11.4 Application to the Boston HMDA Data

This book is in Open Review. We want your feedback to make the book better for you and other students. You may annotate some text by selecting it with the cursor and then click "Annotate" in the pop-up menu. You can also see the annotations of others: click the arrow in the upper right hand corner of the page

Models (11.6) and (11.7) indicate that denial rates are higher for African American applicants holding constant the payment-to-income ratio. Both results could be subject to omitted variable bias. In order to obtain a more trustworthy estimate of the effect of being black on the probability of a mortgage application denial we estimate a linear probability model as well as several Logit and Probit models. We thereby control for financial variables and additional applicant characteristics which are likely to influence the probability of denial and differ between black and white applicants.
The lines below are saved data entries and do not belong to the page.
(* Let $\varphi:\mathbb B\to\mathbb B$ be a slice regular function with $\varphi(0)=0$. Then the operators $C_\varphi f=f^{\odot}\varphi$ and $D_\varphi f=f_{\odot}\varphi$ are bounded on $H^2(\mathbb B)$ and $\|C_\varphi\|=\|D_\varphi\|=1$.
   Context: $\mathbb H$ quaternions, $\mathbb S=\{q:q^2=-1\}$, $\mathbb C_I=\mathbb R+I\mathbb R$, $\mathbb B$ the open unit ball of $\mathbb H$. A function on a domain $\Omega$ is slice regular if on each $\Omega\cap\mathbb C_I$ it is $C^1$ and annihilated by $\frac12(\partial_x+I\partial_y)$; regular functions on $\mathbb B$ are exactly convergent power series $\sum_n q^na_n$. The $\ast$-product of power series is $\big(\sum q^na_n\big)\ast\big(\sum q^nb_n\big)=\sum_n q^n\sum_{k=0}^na_kb_{n-k}$, $\varphi^{\ast0}=1$, $\varphi^{\ast n}=\varphi\ast\varphi^{\ast(n-1)}$. For $f(q)=\sum q^na_n$ regular on $\mathbb B$ and $\varphi:\mathbb B\to\mathbb B$ regular: $f^{\odot}\varphi=\sum_n\varphi^{\ast n}a_n$, $f_{\odot}\varphi=\sum_n a_n\ast\varphi^{\ast n}$. $H^2(\mathbb B)$ is the space of regular $f=\sum q^na_n$ on $\mathbb B$ with $\|f\|_2^2=\sum|a_n|^2<\infty$ (equivalently $\|f\|_2=\sup_{I\in\mathbb S}\lim_{r\to1^-}(\frac1{2\pi}\int_{-\pi}^\pi|f(re^{I\theta})|^2d\theta)^{1/2}$). Operator norm: $\|T\|=\sup\{\|Tf\|_2:\|f\|_2\le1\}$. *)

From Stdlib Require Import Reals.
Open Scope R_scope.

Record H := mkH { q0 : R; q1 : R; q2 : R; q3 : R }.

Definition qzero : H := mkH 0 0 0 0.
Definition qone  : H := mkH 1 0 0 0.
Definition qadd (x y : H) : H :=
  mkH (q0 x + q0 y) (q1 x + q1 y) (q2 x + q2 y) (q3 x + q3 y).
Definition qsub (x y : H) : H :=
  mkH (q0 x - q0 y) (q1 x - q1 y) (q2 x - q2 y) (q3 x - q3 y).
(* Hamilton product, i^2 = j^2 = k^2 = ijk = -1 *)
Definition qmul (x y : H) : H :=
  mkH (q0 x * q0 y - q1 x * q1 y - q2 x * q2 y - q3 x * q3 y)
      (q0 x * q1 y + q1 x * q0 y + q2 x * q3 y - q3 x * q2 y)
      (q0 x * q2 y - q1 x * q3 y + q2 x * q0 y + q3 x * q1 y)
      (q0 x * q3 y + q1 x * q2 y - q2 x * q1 y + q3 x * q0 y).
Definition qnorm (x : H) : R :=
  sqrt (q0 x ^ 2 + q1 x ^ 2 + q2 x ^ 2 + q3 x ^ 2).

Fixpoint qpow (x : H) (n : nat) : H :=
  match n with O => qone | S m => qmul x (qpow x m) end.

Fixpoint qsum (f : nat -> H) (n : nat) : H :=
  match n with O => f O | S m => qadd (qsum f m) (f (S m)) end.

Definition qcv (u : nat -> H) (l : H) : Prop :=
  forall eps, eps > 0 -> exists N, forall n, (n >= N)%nat -> qnorm (qsub (u n) l) < eps.

(* A (formal) power series sum_n q^n a_n is given by its coefficients a : nat -> H. *)
Definition psum (a : nat -> H) (q : H) (N : nat) : H :=
  qsum (fun n => qmul (qpow q n) (a n)) N.

Definition ps_value (a : nat -> H) (q : H) (l : H) : Prop := qcv (psum a q) l.

(* regular on the open unit ball B = convergent power series on B *)
Definition regular_on_B (a : nat -> H) : Prop :=
  forall q, qnorm q < 1 -> exists l, ps_value a q l.

Definition regular_B_to_B (a : nat -> H) : Prop :=
  forall q, qnorm q < 1 -> exists l, ps_value a q l /\ qnorm l < 1.

Definition star (a b : nat -> H) : nat -> H :=
  fun n => qsum (fun k => qmul (a k) (b (n - k)%nat)) n.

Fixpoint starpow (b : nat -> H) (n : nat) : nat -> H :=
  match n with
  | O => fun m => match m with O => qone | S _ => qzero end
  | S k => star b (starpow b k)
  end.

(* f^{odot} phi = sum_n phi^{*n} a_n, coefficientwise.  Since phi(0)=0, the
   series phi^{*n} has no terms of degree < n, so the coefficient of q^m only
   receives contributions from n <= m. *)
Definition Cop (b a : nat -> H) : nat -> H :=
  fun m => qsum (fun n => qmul (starpow b n m) (a n)) m.

Definition Dop (b a : nat -> H) : nat -> H :=
  fun m => qsum (fun n => qmul (a n) (starpow b n m)) m.

Definition H2norm_is (a : nat -> H) (r : R) : Prop :=
  0 <= r /\ Un_cv (sum_f_R0 (fun n => qnorm (a n) ^ 2)) (r ^ 2).

Definition in_H2 (a : nat -> H) : Prop :=
  regular_on_B a /\ exists r, H2norm_is a r.

Definition opnorm_set (T : (nat -> H) -> (nat -> H)) (r : R) : Prop :=
  exists a ra, in_H2 a /\ H2norm_is a ra /\ ra <= 1 /\ H2norm_is (T a) r.

(* Both operators satisfy a recursion in which the tail of [f] is multiplied by [phi]:
   [C_phi f = f(0) + phi * C_phi (shift f)] and [D_phi f = f(0) + D_phi (shift f) * phi].
   It therefore suffices that left and right *-multiplication by [phi] do not increase the
   truncated norms [sum_(n <= m) |a_n|^2]; as [C_phi 1 = D_phi 1 = 1], both norms are then 1.

   For right multiplication by a [psi] with [|psi| <= 1], evaluate truncations at the [N]-th
   roots of unity on the circle of radius [r] in [C_i]: the product formula
   [(g * psi)(z) = g(z) psi(g(z)^-1 z g(z))] bounds [|(g * psi)(z)|] by [|g(z)|] up to a small
   error, the discrete Parseval identity turns this into a bound on the [r]-weighted norms, and
   [r -> 1] concludes.  Left multiplication reduces to it by conjugating all coefficients,
   [(phi * h)^c = h^c * phi^c]; the point is that [phi^c] is still bounded by 1.  By the
   representation formula, on each sphere [x + S y] the function [phi] acts through a 2x2
   complex matrix built from [phi(x + i y)] and [phi(x - i y)], and [phi^c] through its
   transpose, which has the same operator norm. *)

From Stdlib Require Import Reals Lra Lia Psatz.
Open Scope R_scope.

(** * Quaternions *)

Lemma H_ext (x y : H) :
  q0 x = q0 y -> q1 x = q1 y -> q2 x = q2 y -> q3 x = q3 y -> x = y.
Proof. destruct x, y; simpl; intros; subst; reflexivity. Qed.

Definition qconj (x : H) : H := mkH (q0 x) (- q1 x) (- q2 x) (- q3 x).
Definition qopp (x : H) : H := mkH (- q0 x) (- q1 x) (- q2 x) (- q3 x).
Definition qreal (r : R) : H := mkH r 0 0 0.
Definition qi : H := mkH 0 1 0 0.
Definition qj : H := mkH 0 0 1 0.
Definition qnorm2 (x : H) : R := q0 x * q0 x + q1 x * q1 x + q2 x * q2 x + q3 x * q3 x.
Definition qdot (x y : H) : R := q0 x * q0 y + q1 x * q1 y + q2 x * q2 y + q3 x * q3 y.
Definition qinv (x : H) : H :=
  mkH (q0 x / qnorm2 x) (- q1 x / qnorm2 x) (- q2 x / qnorm2 x) (- q3 x / qnorm2 x).

Ltac qring := repeat match goal with x : H |- _ => destruct x end;
  apply H_ext; unfold qadd, qsub, qmul, qzero, qone, qconj, qopp, qreal, qi, qj in *;
  simpl; ring.

Lemma qadd_comm x y : qadd x y = qadd y x. Proof. qring. Qed.
Lemma qadd_assoc x y z : qadd x (qadd y z) = qadd (qadd x y) z. Proof. qring. Qed.
Lemma qadd_0_l x : qadd qzero x = x. Proof. qring. Qed.
Lemma qadd_0_r x : qadd x qzero = x. Proof. qring. Qed.
Lemma qmul_assoc x y z : qmul x (qmul y z) = qmul (qmul x y) z. Proof. qring. Qed.
Lemma qmul_addl x y z : qmul (qadd x y) z = qadd (qmul x z) (qmul y z). Proof. qring. Qed.
Lemma qmul_addr x y z : qmul x (qadd y z) = qadd (qmul x y) (qmul x z). Proof. qring. Qed.
Lemma qmul_0_l x : qmul qzero x = qzero. Proof. qring. Qed.
Lemma qmul_0_r x : qmul x qzero = qzero. Proof. qring. Qed.
Lemma qmul_1_l x : qmul qone x = x. Proof. qring. Qed.
Lemma qmul_1_r x : qmul x qone = x. Proof. qring. Qed.
Lemma qsub_diag x : qsub x x = qzero. Proof. qring. Qed.
Lemma qconj_mul x y : qconj (qmul x y) = qmul (qconj y) (qconj x). Proof. qring. Qed.
Lemma qconj_add x y : qconj (qadd x y) = qadd (qconj x) (qconj y). Proof. qring. Qed.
Sample averages as shown in Table 11.1 of the book can be easily reproduced using the functions mean() (as usual for numeric variables) and prop.table() (for factor variables).

# Mean P/I ratio
mean(HMDA$pirat)
#> [1] 0.3308136

# inhouse expense-to-total-income ratio
mean(HMDA$hirat)
#> [1] 0.2553461

# loan-to-value ratio
mean(HMDA$lvrat)
#> [1] 0.7377759

# consumer credit score
mean(as.numeric(HMDA$chist))
#> [1] 2.116387

# mortgage credit score
mean(as.numeric(HMDA$mhist))
#> [1] 1.721008

# public bad credit record
mean(as.numeric(HMDA$phist)-1)
#> [1] 0.07352941

# denied mortgage insurance
prop.table(table(HMDA$insurance))
#> 
#>         no        yes 
#> 0.97983193 0.02016807

# self-employed
prop.table(table(HMDA$selfemp))
#> 
#>        no       yes 
#> 0.8836134 0.1163866

# single
prop.table(table(HMDA$single))
#> 
#>        no       yes 
#> 0.6067227 0.3932773

# high school diploma
prop.table(table(HMDA$hschool))
#> 
#>         no        yes 
#> 0.01638655 0.98361345

# unemployment rate
mean(HMDA$unemp)
#> [1] 3.774496

# condominium
prop.table(table(HMDA$condomin))
#> 
#>        no       yes 
#> 0.7117647 0.2882353

# black
prop.table(table(HMDA$black))
#> 
#>       no      yes 
#> 0.857563 0.142437

# deny
prop.table(table(HMDA$deny))
#> 
#>         0         1 
#> 0.8802521 0.1197479

See Chapter 11.4 of the book or use R’s help function for more on variables contained in the HMDA dataset.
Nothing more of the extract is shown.